The files in this repository provide for the training and evaluation of a machine learning model that is meant to detect the meter of a hemistich of classical Persian poetry. A recent evaluation run yielded the following results:
Accuracy: 0.9801
F1: 0.9792
Precision: 0.9789
Recall: 0.9801
Loss: 0.0996
I chose XLM-RoBERTa from Facebook AI. (Is there a better, more recently developed option? If so, I would be happy to switch to it.)
The data used here comes from Ganjoor. So far, I have added to the dataset the following works, representing a total of 277,248 unique hemistichs:
- The complete ghazals of Ṣāʾib Tabrīzī
- The complete ghazals of Ḥāfiẓ
- The complete ghazals of Saʿdī
- All the ghazals in the Dīvān-i Shams of Rūmī (excepting some with obscure meters)

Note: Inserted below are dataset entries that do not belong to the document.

(* Let $Q_k$ be a $K$-subset system, $\alpha$ an ordinal and $X$ an $\alpha^k$-special $T_0$ space. Then $\alpha$ is not a limit ordinal.
   Context: For a $K$-subset system $Q_k$ (an assignment $X\mapsto Q_k(X)$ with $\{\uparrow x\}\subseteq Q_k(X)\subseteq Q(X)$, the nonempty compact saturated sets, such that continuous images of $k$-Rudin sets are $k$-Rudin), a nonempty $A\subseteq X$ is $k$-Rudin if for some filtered $\mathcal K\subseteq Q_k(X)$, $\overline A$ is a minimal closed set meeting every member of $\mathcal K$. $K(X)$ is the set of classes of $k$-Rudin sets under $A\sim B\iff\overline A=\overline B$, with open sets $U^*=\{[A]\mid A\cap U\ne\emptyset\}$; $X$ embeds via $x\mapsto[\{x\}]$. $K_0(X)=X$, $K_{\beta+1}(X)=K(K_\beta(X))$, $K_\beta(X)=\bigcup_{\gamma<\beta}K_\gamma(X)$ for limit $\beta$. $\mathrm{rank}_k(X)$ is the least $\alpha$ with $K_\alpha(X)\cong K_{\alpha+1}(X)$. $X$ is $\alpha^k$-special if $\mathrm{rank}_k(X)=\alpha$ and $\alpha$ is the least ordinal for which $K_\alpha(X)$ has a greatest element in its specialization order. *)

From HB Require Import structures.
From mathcomp Require Import all_boot all_order.
From mathcomp Require Import all_classical all_reals topology.
Set Implicit Arguments. Unset Strict Implicit. Unset Printing Implicit Defensive.
Import Order.TTheory.
Local Open Scope classical_set_scope.

Definition spec_le (T : topologicalType) (x y : T) : Prop := closure [set y] x.

Definition upx (T : topologicalType) (x : T) : set T := [set y | spec_le x y].

Definition saturated (T : topologicalType) (A : set T) : Prop :=
  A = \bigcap_(U in [set U : set T | open U /\ A `<=` U]) U.

Definition Qset (T : topologicalType) : set (set T) :=
  [set K | K !=set0 /\ compact K /\ saturated K].

Definition filtered (T : Type) (F : set (set T)) : Prop :=
  F !=set0 /\ forall K1 K2, F K1 -> F K2 -> exists2 K3, F K3 & K3 `<=` K1 `&` K2.

Definition min_closed_meeting (T : topologicalType) (F : set (set T)) (C : set T)
  : Prop :=
  [/\ closed C, (forall K, F K -> C `&` K !=set0) &
      (forall D, closed D -> D `<=` C -> (forall K, F K -> D `&` K !=set0) -> D = C)].

Definition krudin (T : topologicalType) (QT : set (set T)) (A : set T) : Prop :=
  A !=set0 /\ exists F : set (set T),
    [/\ F `<=` QT, filtered F & min_closed_meeting F (closure A)].

Definition Ksubset_system (Qk : forall T : topologicalType, set (set T)) : Prop :=
  [/\ (forall (T : topologicalType) (x : T), Qk T (upx x)),
      (forall T : topologicalType, Qk T `<=` @Qset T) &
      (forall (S T : topologicalType) (f : S -> T), continuous f ->
         forall A, krudin (Qk S) A -> krudin (Qk T) (f @` A))].

Definition is_kclass (Qk : forall T : topologicalType, set (set T))
  (T : topologicalType) (C : set T) : Prop :=
  exists A, krudin (Qk T) A /\ closure A = C.

(* K(X): classes of k-Rudin sets, each class [A] represented by closure A *)
Definition KX (Qk : forall T : topologicalType, set (set T)) (T : topologicalType)
  : Type := {C : set T | is_kclass Qk C}.

Section KXtop.
Variables (Qk : forall T : topologicalType, set (set T)) (T : topologicalType).
HB.instance Definition _ := gen_eqMixin (KX Qk T).
HB.instance Definition _ := gen_choiceMixin (KX Qk T).
(* U^* = {[A] | A meets U}; note A meets open U iff closure A does *)
Definition Kstar (U : set T) : set (KX Qk T) := [set C | proj1_sig C `&` U !=set0].
HB.instance Definition _ :=
  isSubBaseTopological.Build (KX Qk T) (@open T) Kstar.
End KXtop.

Definition homeomorphic (S T : topologicalType) : Prop :=
  exists (f : S -> T) (g : T -> S),
    [/\ continuous f, continuous g, cancel f g & cancel g f].

Definition embedding (S T : topologicalType) (f : S -> T) : Prop :=
  [/\ continuous f, injective f &
      forall U, open U -> exists2 V, open V & f @^-1` V = U].

Definition has_top (T : topologicalType) : Prop :=
  exists t : T, forall y : T, spec_le y t.

(* ordinals are represented as elements of a well-ordered type W *)
Definition wellorder (d : Order.disp_t) (W : orderType d) : Prop :=
  well_founded (fun x y : W => (x < y)%O).

Definition is_succ (d : Order.disp_t) (W : orderType d) (i j : W) : Prop :=
  (i < j)%O /\ forall k, (i < k)%O -> (j <= k)%O.

Definition is_zero (d : Order.disp_t) (W : orderType d) (z : W) : Prop :=
  forall i, (z <= i)%O.

Definition is_limit (d : Order.disp_t) (W : orderType d) (l : W) : Prop :=
  ~ is_zero l /\ ~ (exists i, is_succ i l).

(* Y, e is (a copy of) the transfinite tower K_i(X), i in W, with the
   canonical embeddings e i j : K_i(X) -> K_j(X) for i <= j. *)
Definition Ktower (Qk : forall T : topologicalType, set (set T))
  (X : topologicalType) (d : Order.disp_t) (W : orderType d)
  (Y : W -> topologicalType) (e : forall i j : W, Y i -> Y j) : Prop :=
  [/\ (forall i (y : Y i), e i i y = y) /\
      (forall i j k (y : Y i), (i <= j)%O -> (j <= k)%O -> e j k (e i j y) = e i k y),
      (forall i j, (i <= j)%O -> embedding (e i j)),
      (forall z, is_zero z -> exists h : X -> Y z,
          [/\ continuous h, bijective h & forall U, open U -> open (h @` U)]),
      (* K_{i+1}(X) = K(K_i(X)), with K_i(X) embedded via x |-> [{x}] *)
      (forall i j, is_succ i j -> exists (h : KX Qk (Y i) -> Y j),
          [/\ continuous h, bijective h, (forall U, open U -> open (h @` U)) &
              forall (y : Y i) (C : KX Qk (Y i)), proj1_sig C = closure [set y] ->
                h C = e i j y]) &
      (* K_l(X) = union of the K_i(X), i < l, with the final (union) topology *)
      (forall l, is_limit l ->
          (forall y : Y l, exists i, (i < l)%O /\ exists x, e i l x = y) /\
          (forall U : set (Y l), open U <-> forall i, (i < l)%O -> open (e i l @^-1` U)))].

(* rank_k(X) = a : least a with K_a(X) homeomorphic to K_{a+1}(X) = K(K_a(X)) *)
Definition is_rank (Qk : forall T : topologicalType, set (set T))
  (d : Order.disp_t) (W : orderType d) (Y : W -> topologicalType) (a : W) : Prop :=
  homeomorphic (Y a) (KX Qk (Y a)) /\
  forall b, (b < a)%O -> ~ homeomorphic (Y b) (KX Qk (Y b)).

Definition special (Qk : forall T : topologicalType, set (set T))
  (d : Order.disp_t) (W : orderType d) (Y : W -> topologicalType) (a : W) : Prop :=
  is_rank Qk Y a /\ has_top (Y a) /\ forall b, (b < a)%O -> ~ has_top (Y b).

Arguments Ktower Qk X {d W} Y e.
Arguments is_rank Qk {d W} Y a.
Arguments special Qk {d W} Y a.

From HB Require Import structures.
From mathcomp Require Import all_boot all_order.
From mathcomp Require Import all_classical all_reals topology.
Import Order.TTheory.
Local Open Scope classical_set_scope.

(* Suppose the rank a of an a^k-special space X were a limit
   ordinal.  Then K_a(X) is the union of the earlier stages K_i(X), i < a,
   so its greatest element t (in the specialization order) is the image
   e_{i,a}(x) of a point x of some earlier stage K_i(X).  The canonical map
   e_{i,a} is a topological embedding, and embeddings reflect the
   specialization order; hence x is a greatest element of K_i(X), which
   contradicts the minimality of a among the stages having a top. *)

(* An embedding reflects the specialization order: if f y <= f x then
   y <= x.  Every open neighbourhood of y is the preimage of an open set,
   which then contains f y and hence f x. *)
Lemma embedding_reflects_spec_le (S T : topologicalType) (f : S -> T) (x y : S) :
  embedding f -> spec_le (f y) (f x) -> spec_le y x.
Proof.
move=> [_ _ f_open] fy_le_fx B; rewrite nbhsE => -[U [oU Uy] UB].
have [V oV preV] := f_open U oU.
have nbhs_fy : nbhs (f y) V by apply: open_nbhs_nbhs; split => //; rewrite -preV in Uy.
have [z [/= -> Vz]] := fy_le_fx V nbhs_fy.
by exists x; split => //; apply: UB; rewrite -preV.
Qed.

Lemma embedding_top_preimage (S T : topologicalType) (f : S -> T) (x : S) :
  embedding f -> (forall y : T, spec_le y (f x)) -> has_top S.
Proof.
move=> f_emb fx_top; exists x => y.
exact: embedding_reflects_spec_le f_emb (fx_top (f y)).
Qed.

Theorem mainTheorem7
  (Qk : forall T : topologicalType, set (set T)) (HQ : Ksubset_system Qk)
  (X : topologicalType) (HT0 : kolmogorov_space X)
  (d : Order.disp_t) (W : orderType d) (HW : wellorder W)
  (Y : W -> topologicalType) (e : forall i j : W, Y i -> Y j)
  (Htower : Ktower Qk X Y e)
  (a : W) (Hspecial : special Qk Y a) :
  ~ is_limit a.
Proof.
move=> a_limit.
case: Htower => _ e_emb _ _ limit_stage.
case: Hspecial => _ [[t t_top] no_earlier_top].
(* the top t of the limit stage comes from some earlier stage i < a *)
have [i [lt_ia [x ex_t]]] := (limit_stage a a_limit).1 t.
apply: (no_earlier_top i lt_ia).
apply: (@embedding_top_preimage _ _ (e i a) x (e_emb i a (ltW lt_ia))).
by rewrite ex_t.
Qed.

- The first daftar of the Maṡnavī of Rūmī
- A few thousand lines of the Shāhnāma of Firdawsī
- Four of the poems in the Khamsa of Niẓāmī: Laylī u Majnūn, Khusraw va Shīrīn, the Haft paykar, and the Makhzan al-asrār
More should still be added, but this is a start. The model is already quite good at detecting any of the common meters. Some meters are rare enough that they almost never appear in classical Persian poetry, let alone in this training set.
- Get the model properly versioned and published
- Add to the training data and adjust training parameters to improve performance
- Present this work at a conference or workshop or similar (if anyone has suggestions...)
- Deploy an inference server and a web front end, i.e., a web app where a user
could paste one or more hemistichs from a given poem and have the meter
detected (see
consensus.py
for an idea of how this would work, looking for a consensus of high-confidence meter predictions)